Cerita berikut menjelaskan bahwa perbuatan sepele dapat mengakibatkan bushi saling membunuh karena takut kehilangan nama baik. Ceritanya mengenai dua orang samurai di daerah Sado yang bernama Minbu dan Hanseki Emon ditugaaskan untuk mengontrol wilayah. Saat di

persimpangan, Minbu sambil menghormat mempersilahkan Hanseki Emon terlebih dahulu melintasi jalan, tetapi apa daya Hanseki Emon salah menanggapi kata-kata sopan Minbu tersebut. Oleh karena itu, Hanseki Emon mengirim surat untuk perang tanding dengan Minbu. Walaupun Minbu tidak percaya akan surat itu, ia tidak dapat menolak tawaran tersebut dengan rendah hati sehingga ia terpaksa menyetujui tawaran tersebut. Akhirnya setelah kedua pihak keluarga menyetujui hal ini, mereka pun saling membunuh. Dari cerita ini, menurut Watsuji bahwa bushi tidak pernah melarikan diri dari jalan hidupnya walaupun mencintai keluarga tetapi harus tetap berani mati.

2. Kesetiaan Bushi Baru

Ketika Tokugawa Ieyashu menjadi shogun pada tahun 1603 sebagai dasar untuk memantapkan kekuasaannya, ia memilih konfusionisme sebagai dasar filosofisnya terutama untuk usaha menanamkan penghormatan bawahan terhadap atasannya sehingga tercipta struktur kekuasaan dimana shogun berada pada posisi tertinggi dan juga sebagai pusat pengabdian seluruh masyarakat Jepang. Pada zaman sebelumnya, bagi bushi tuannyalah segala-galanya atau tuannya merupakan pusat pengabdian tetapi hal tersebut diperpanjang Tokugawa sehingga ada kesadaran bahwa kehidupan tuan di daerah pun merupakan berkat kebaikan (chu) dari Tokugawa.
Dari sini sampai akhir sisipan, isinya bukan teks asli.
(* Let $A=\{a_1,\dots,a_k\}$ with $k\ge2$, $u_1,u_2:A\to\mathbb{R}$, and assume there is a unique efficient option $a^\star$, i.e. $u_1(a^\star)+u_2(a^\star)>u_1(a)+u_2(a)$ for all $a\ne a^\star$. Then there exists $\bar\varepsilon>0$ such that for every $\varepsilon\in(0,\bar\varepsilon)$: an $\varepsilon$-robust subgame-perfect Nash equilibrium of the two-player Price \& Choose game exists, and the outcome of every $\varepsilon$-robust subgame-perfect Nash equilibrium is $a^\star$.
   Context: Quasi-linear Price \& Choose game: $P=\{p\in\mathbb{R}^k:\sum_j p_j=0\}$; player 1 chooses $p\in P$; then player 2, having observed $p$, chooses $a_j\in A$ and pays $p_j$ to player 1; payoffs $g_1(p,a_j)=u_1(a_j)+p_j$, $g_2(p,a_j)=u_2(a_j)-p_j$. Strategy profiles are $\sigma=(\sigma_1,\sigma_2)$ with $\sigma_1\in P$, $\sigma_2:P\to A$. For $\varepsilon>0$ and $p\in P$, let $\beta_2^\varepsilon(p)=\{a\in A: g_2(p,a)+\varepsilon\ge g_2(p,a')\text{ for all }a'\in A\}$ (the $\varepsilon$-maximizers of player 2). The profile $\sigma$ is an $\varepsilon$-robust subgame-perfect Nash equilibrium if (1) for every $p\in P$, $\sigma_2(p)\in\arg\min\{g_1(p,a):a\in\beta_2^\varepsilon(p)\}$, and (2) $g_1(\sigma_1,\sigma_2(\sigma_1))+\varepsilon\ge g_1(p',\sigma_2(p'))$ for all $p'\in P$. Its outcome is $\sigma_2(\sigma_1)$. *)

From HB Require Import structures.
From mathcomp Require Import all_boot all_order all_algebra.
From mathcomp Require Import reals.
Set Implicit Arguments. Unset Strict Implicit. Unset Printing Implicit Defensive.
Import Order.TTheory GRing.Theory Num.Theory.
Local Open Scope ring_scope.

Section PriceChoose.
Variables (R : realType) (k : nat).

Definition inP (p : 'I_k -> R) : Prop := \sum_(j < k) p j = 0.

Definition g1 (u1 : 'I_k -> R) (p : 'I_k -> R) (a : 'I_k) : R := u1 a + p a.
Definition g2 (u2 : 'I_k -> R) (p : 'I_k -> R) (a : 'I_k) : R := u2 a - p a.

Definition beta2 (u2 : 'I_k -> R) (eps : R) (p : 'I_k -> R) (a : 'I_k) : Prop :=
  forall a' : 'I_k, g2 u2 p a' <= g2 u2 p a + eps.

(* eps-robust subgame-perfect Nash equilibrium (s1, s2); s2 is only
   constrained on P, its values outside P are irrelevant. *)
Definition robust_spne (u1 u2 : 'I_k -> R) (eps : R)
    (s1 : 'I_k -> R) (s2 : ('I_k -> R) -> 'I_k) : Prop :=
  [/\ inP s1,
      (forall p, inP p ->
         beta2 u2 eps p (s2 p) /\
         (forall a, beta2 u2 eps p a -> g1 u1 p (s2 p) <= g1 u1 p a)) &
      (forall p', inP p' -> g1 u1 p' (s2 p') <= g1 u1 s1 (s2 s1) + eps)].

End PriceChoose.

From HB Require Import structures.
From mathcomp Require Import all_boot all_order all_algebra.
From mathcomp Require Import reals.
From mathcomp Require Import lra.
Set Implicit Arguments. Unset Strict Implicit. Unset Printing Implicit Defensive.
Import Order.TTheory GRing.Theory Num.Theory.
Local Open Scope ring_scope.

(* Since prices sum to zero, player 2's payoffs always sum to S = sum_j u2 j,
   so an eps-maximizer b of player 2 has g2 b >= S/k - eps and player 1 gets
   at most u1 b + u2 b - S/k + eps from it.  Conversely, player 1 can price so
   that a* is player 2's unique eps-maximizer with g2 a* = S/k + 2eps - 2eps/k,
   earning u1 a* + u2 a* - S/k - 2eps + 2eps/k.  When the welfare gap at a* is
   at least 4 eps, inducing any other option is strictly worse than that by
   more than eps, while the robust follower's worst reply to any price still
   leaves player 1 within eps of it. *)

Lemma exists_pos_lower_bound (R : realDomainType) (I : finType) (P : pred I)
    (f : I -> R) :
  (forall i, P i -> 0 < f i) -> exists2 e : R, 0 < e & forall i, P i -> e <= f i.
Proof.
move=> f_gt0; exists (\big[Order.min/1]_(i | P i) f i).
  by apply: (big_ind (fun x => 0 < x)) => // x y x0 y0; rewrite lt_min x0 y0.
by move=> i Pi; apply: bigmin_le_cond.
Qed.

Section PriceChooseBounds.
Variables (R : realType) (k : nat) (u1 u2 : 'I_k -> R).
Hypothesis k_gt0 : (0 < k)%N.

Definition welfare (a : 'I_k) : R := u1 a + u2 a.

Definition mean_u2 : R := (\sum_j u2 j) / k%:R.

Lemma k_gt0R : 0 < k%:R :> R.
Proof. by rewrite ltr0n. Qed.

Lemma sum_g2 p : inP p -> \sum_j g2 u2 p j = \sum_j u2 j.
Proof. by rewrite /inP /g2 sumrB => ->; rewrite subr0. Qed.

Lemma mean_u2_le x y : \sum_j u2 j <= k%:R * x + y -> mean_u2 <= x + y / k%:R.
Proof.
move=> le_sum; rewrite /mean_u2 ler_pdivrMr ?k_gt0R // mulrDl divfK ?lt0r_neq0 ?k_gt0R //.
by rewrite mulrC.
Qed.

Lemma g1_le_of_beta2 eps p b : inP p -> beta2 u2 eps p b ->
  g1 u1 p b <= welfare b - mean_u2 + eps.
Proof.
move=> Pp b_max.
have : \sum_j g2 u2 p j <= \sum_(j < k) (g2 u2 p b + eps) by apply: ler_sum.
rewrite sum_g2 // sumr_const card_ord -mulr_natl -[_ * _]addr0.
move/mean_u2_le; rewrite mul0r addr0 /g1 /g2 /welfare; lra.
Qed.

Lemma unique_beta2_is_max eps p a0 : 0 <= eps ->
  (forall a, a != a0 -> ~ beta2 u2 eps p a) -> forall a, g2 u2 p a <= g2 u2 p a0.
Proof.
move=> eps_ge0 uniq_a0.
have [m _ m_max] := @arg_maxP _ _ _ a0 xpredT (g2 u2 p) isT.
suff <- : m = a0 by move=> a; exact: m_max.
apply/eqP; apply: contraT => /uniq_a0; case=> a.
by apply: le_trans (m_max a isT) _; rewrite lerDl.
Qed.

Lemma g1_le_of_unique_beta2 eps p a0 : 0 <= eps -> inP p ->
  (forall a, a != a0 -> ~ beta2 u2 eps p a) ->
  g1 u1 p a0 <= welfare a0 - mean_u2 - eps + eps / k%:R.
Proof.
move=> eps_ge0 Pp uniq_a0.
have a0_max := unique_beta2_is_max eps_ge0 uniq_a0.
have g2_le a : g2 u2 p a <= g2 u2 p a0 - eps + (if a == a0 then eps else 0).
  case: eqVneq => [->|a_neq]; first by rewrite subrK.
  rewrite addr0 lerBrDr; apply: contra_notT (uniq_a0 a a_neq); rewrite -ltNge => lt_a.
  by move=> a'; apply: le_trans (a0_max a') (ltW lt_a).
have : \sum_j g2 u2 p j <= \sum_j (g2 u2 p a0 - eps + (if j == a0 then eps else 0)).
  by apply: ler_sum => a _; exact: g2_le.
rewrite sum_g2 // big_split /= -big_mkcond big_pred1_eq sumr_const card_ord -[_ *+ k]mulr_natl.
move/mean_u2_le; rewrite /g1 /g2 /welfare; lra.
Qed.

Definition beta2b eps p (a : 'I_k) : bool := [forall a', g2 u2 p a' <= g2 u2 p a + eps].

Lemma beta2bP eps p a : reflect (beta2 u2 eps p a) (beta2b eps p a).
Proof. exact: (iffP forallP). Qed.

Lemma beta2b_arg_max eps p a0 : 0 <= eps ->
  beta2b eps p (Order.arg_max a0 xpredT (g2 u2 p)).
Proof.
move=> eps_ge0; apply/beta2bP.
case: (@arg_maxP _ _ _ a0 xpredT (g2 u2 p) isT) => m _ m_max a'.
by apply: le_trans (m_max a' isT) _; rewrite lerDl.
Qed.

(* Player 2's tie-breaking against player 1: among its eps-maximizers, the one
   worst for player 1; the default a0 only fixes the type's inhabitant. *)
Definition robust_choice eps (a0 : 'I_k) p : 'I_k :=
  Order.arg_min (Order.arg_max a0 xpredT (g2 u2 p)) (beta2b eps p) (g1 u1 p).

Lemma robust_choiceP eps a0 p : 0 <= eps ->
  beta2 u2 eps p (robust_choice eps a0 p) /\
  (forall a, beta2 u2 eps p a -> g1 u1 p (robust_choice eps a0 p) <= g1 u1 p a).
Proof.
move=> eps_ge0; rewrite /robust_choice.
case: (arg_minP (g1 u1 p) (beta2b_arg_max p a0 eps_ge0)) => a /beta2bP a_max a_min.
by split=> // b /beta2bP; apply: a_min.
Qed.

(* Prices under which player 2's payoffs are (S - d)/k everywhere, plus d at a0. *)
Definition favor_price (d : R) (a0 a : 'I_k) : R :=
  u2 a - ((\sum_j u2 j - d) / k%:R + (if a == a0 then d else 0)).

Lemma g2_favor_price d a0 a :
  g2 u2 (favor_price d a0) a = (\sum_j u2 j - d) / k%:R + (if a == a0 then d else 0).
Proof. by rewrite /g2 /favor_price opprD opprK addrA subrr add0r. Qed.

Lemma favor_price_inP d a0 : inP (favor_price d a0).
Proof.
rewrite /inP /favor_price sumrB big_split /= -big_mkcond big_pred1_eq sumr_const card_ord.
by rewrite -[(_ / _) *+ k]mulr_natr divfK ?lt0r_neq0 ?k_gt0R // subrK subrr.
Qed.

Lemma beta2_favor_price eps d a0 a : eps < d ->
  beta2 u2 eps (favor_price d a0) a -> a = a0.
Proof.
move=> lt_eps_d /(_ a0); rewrite !g2_favor_price eqxx.
case: (eqVneq a a0) => // _ le_star; exfalso; lra.
Qed.

Lemma g1_favor_price d a0 :
  g1 u1 (favor_price d a0) a0 = welfare a0 - mean_u2 + d / k%:R - d.
Proof. by rewrite /g1 /favor_price /welfare /mean_u2 eqxx mulrBl; lra. Qed.

Section WelfareGap.
Variables (astar : 'I_k) (eps : R).
Hypotheses (eps_gt0 : 0 < eps)
  (gap : forall b, b != astar -> 4 * eps <= welfare astar - welfare b).

Lemma eps_div_k_gt0 : 0 < eps / k%:R.
Proof. by rewrite divr_gt0 ?k_gt0R. Qed.

Lemma robust_spne_favor_price :
  robust_spne u1 u2 eps (favor_price (2 * eps) astar) (robust_choice eps astar).
Proof.
have eps_ge0 : 0 <= eps by exact: ltW.
have eps_lt_2eps : eps < 2 * eps by have := eps_gt0; lra.
have favor_star : robust_choice eps astar (favor_price (2 * eps) astar) = astar.
  exact: beta2_favor_price eps_lt_2eps (robust_choiceP astar _ eps_ge0).1.
split=> [|p _|p Pp]; [exact: favor_price_inP | exact: robust_choiceP |].
rewrite favor_star g1_favor_price -mulrA.
have [b_max b_min] := robust_choiceP astar p eps_ge0.
have := eps_div_k_gt0.
have [c /andP [c_neq /beta2bP c_max] | no_other] :=
  pickP [pred c | (c != astar) && beta2b eps p c].
  have := g1_le_of_beta2 Pp c_max; have := b_min c c_max; have := gap c_neq; lra.
have uniq_star a : a != astar -> ~ beta2 u2 eps p a.
  by move=> a_neq /beta2bP a_max; move: (no_other a); rewrite /= a_neq a_max.
have -> : robust_choice eps astar p = astar.
  by apply/eqP; apply: contraT => /uniq_star.
have := g1_le_of_unique_beta2 eps_ge0 Pp uniq_star; lra.
Qed.

Lemma robust_spne_outcome s1 s2 : robust_spne u1 u2 eps s1 s2 -> s2 s1 = astar.
Proof.
case=> Ps1 s2_robust s1_opt; apply/eqP; apply: contraT => s1_neq.
have eps_lt_2eps : eps < 2 * eps by have := eps_gt0; lra.
have favor_in := favor_price_inP (2 * eps) astar.
have favor_star : s2 (favor_price (2 * eps) astar) = astar.
  exact: beta2_favor_price eps_lt_2eps (s2_robust _ favor_in).1.
have := s1_opt _ favor_in; rewrite favor_star g1_favor_price -mulrA.
have := g1_le_of_beta2 Ps1 (s2_robust _ Ps1).1.
have := gap s1_neq; have := eps_div_k_gt0; lra.
Qed.

End WelfareGap.
End PriceChooseBounds.

Theorem proposition4 (R : realType) (k : nat) (hk : (2 <= k)%N)
    (u1 u2 : 'I_k -> R) (astar : 'I_k)
    (heff : forall a : 'I_k, a != astar -> u1 a + u2 a < u1 astar + u2 astar) :
  exists epsbar : R, 0 < epsbar /\
    forall eps : R, 0 < eps -> eps < epsbar ->
      (exists (s1 : 'I_k -> R) (s2 : ('I_k -> R) -> 'I_k),
          robust_spne u1 u2 eps s1 s2) /\
      (forall (s1 : 'I_k -> R) (s2 : ('I_k -> R) -> 'I_k),
          robust_spne u1 u2 eps s1 s2 -> s2 s1 = astar).
Proof.
have k_gt0 : (0 < k)%N by apply: leq_trans hk.
have gap_gt0 b : b != astar -> 0 < (welfare u1 u2 astar - welfare u1 u2 b) / 4.
  by move=> /heff; rewrite /welfare; lra.
have [epsbar epsbar_gt0 epsbar_le] := exists_pos_lower_bound (P := predC1 astar) gap_gt0.
exists epsbar; split=> // eps eps_gt0 eps_lt.
have gap b : b != astar -> 4 * eps <= welfare u1 u2 astar - welfare u1 u2 b.
  by move=> b_neq; have := epsbar_le b b_neq; lra.
split.
  exists (favor_price u2 (2 * eps) astar), (robust_choice u1 u2 eps astar).
  exact: (@robust_spne_favor_price R k u1 u2 k_gt0 astar eps eps_gt0 gap).
by move=> s1 s2; exact: @robust_spne_outcome R k u1 u2 k_gt0 astar eps eps_gt0 gap s1 s2.
Qed.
Pelajaran konfusionisme ini diwajibkan untuk dipelajari oleh seluruh bushi di wilayah Jepang pada waktu itu. Pelajaran tersebut disebut dengan kangaku dan ahlinya disebut dengan Kangakusha yang pertama-tama diangkat oleh Ieyashu adalah Hayashi Razan dan Fujiwara Seika kemudian ajaran-ajaran tersebut disempurnakan oleh muridnya seperti Nakae Toju dan Yamazaki Ansai denhan Sushigaku (suatu ajaran konfusionis yang disempurnakan oleh Sushi) dan pelajaran mereka disebut dengan pelajaran dotoku (moral) yaitu pelajaran pasrah menerima bagian masing-masing, tuan sebagai tuan dan anak buah sebagai anak buah, anak sebagai anak dan orang tua sebagai orang tua. Penerimaan bagian sendiri ini disebut dengan gorin (lima etika) yaitu hubungan tuan dan anak buah, orang tua dan anak, suami dan istri, abang dan adik, dan juga menjelaskan hubungan orang yang sederajat.

Kemudian muncul Yamaga Soko yang sering dipesan untuk mengajar bushi ke daerah- daerah. Ajaran Yamaga Soko ini nampaknya lebih murni konfusionis bila dibandingkan dengan

pendahulu-pendahulunya. Para pendahulunya memiliki ajaran masih dipengaruhi oleh Buddhisme. Inti ajaran Soko adalah bahwa keempat golongan masyarakat yaitu bushi, petani, pedagang, dan tukang harus mengerjakan bagiannya masing-masing sehingga tidak bercampur dari yang satu dengan yang lainnya.

Kesetiaan bushi yang diajarkan oleh Tokugawa melalui Kangakusha adalah menyadari kesadaran hubungan atas dan bawah dimana shogun merupakan puncak penerima pengabdian yang tertinggi. Kemudian bushi diajarkan untuk berpikir rasional. Bushi dilarang melakukan Junshi dan Adauchi. Bushi yang melakukan junshi disebut inujini (mati konyol) dan apabila ada bushi melakukan junshi maka wilayah akan diambil oleh keshogunan. Karena ajaran Tokugawa melalui Kangakusha tersebut dan juga karena berbagai peraturan Tokugawa maka kesetiaan bushi pada Zaman Edo berubah.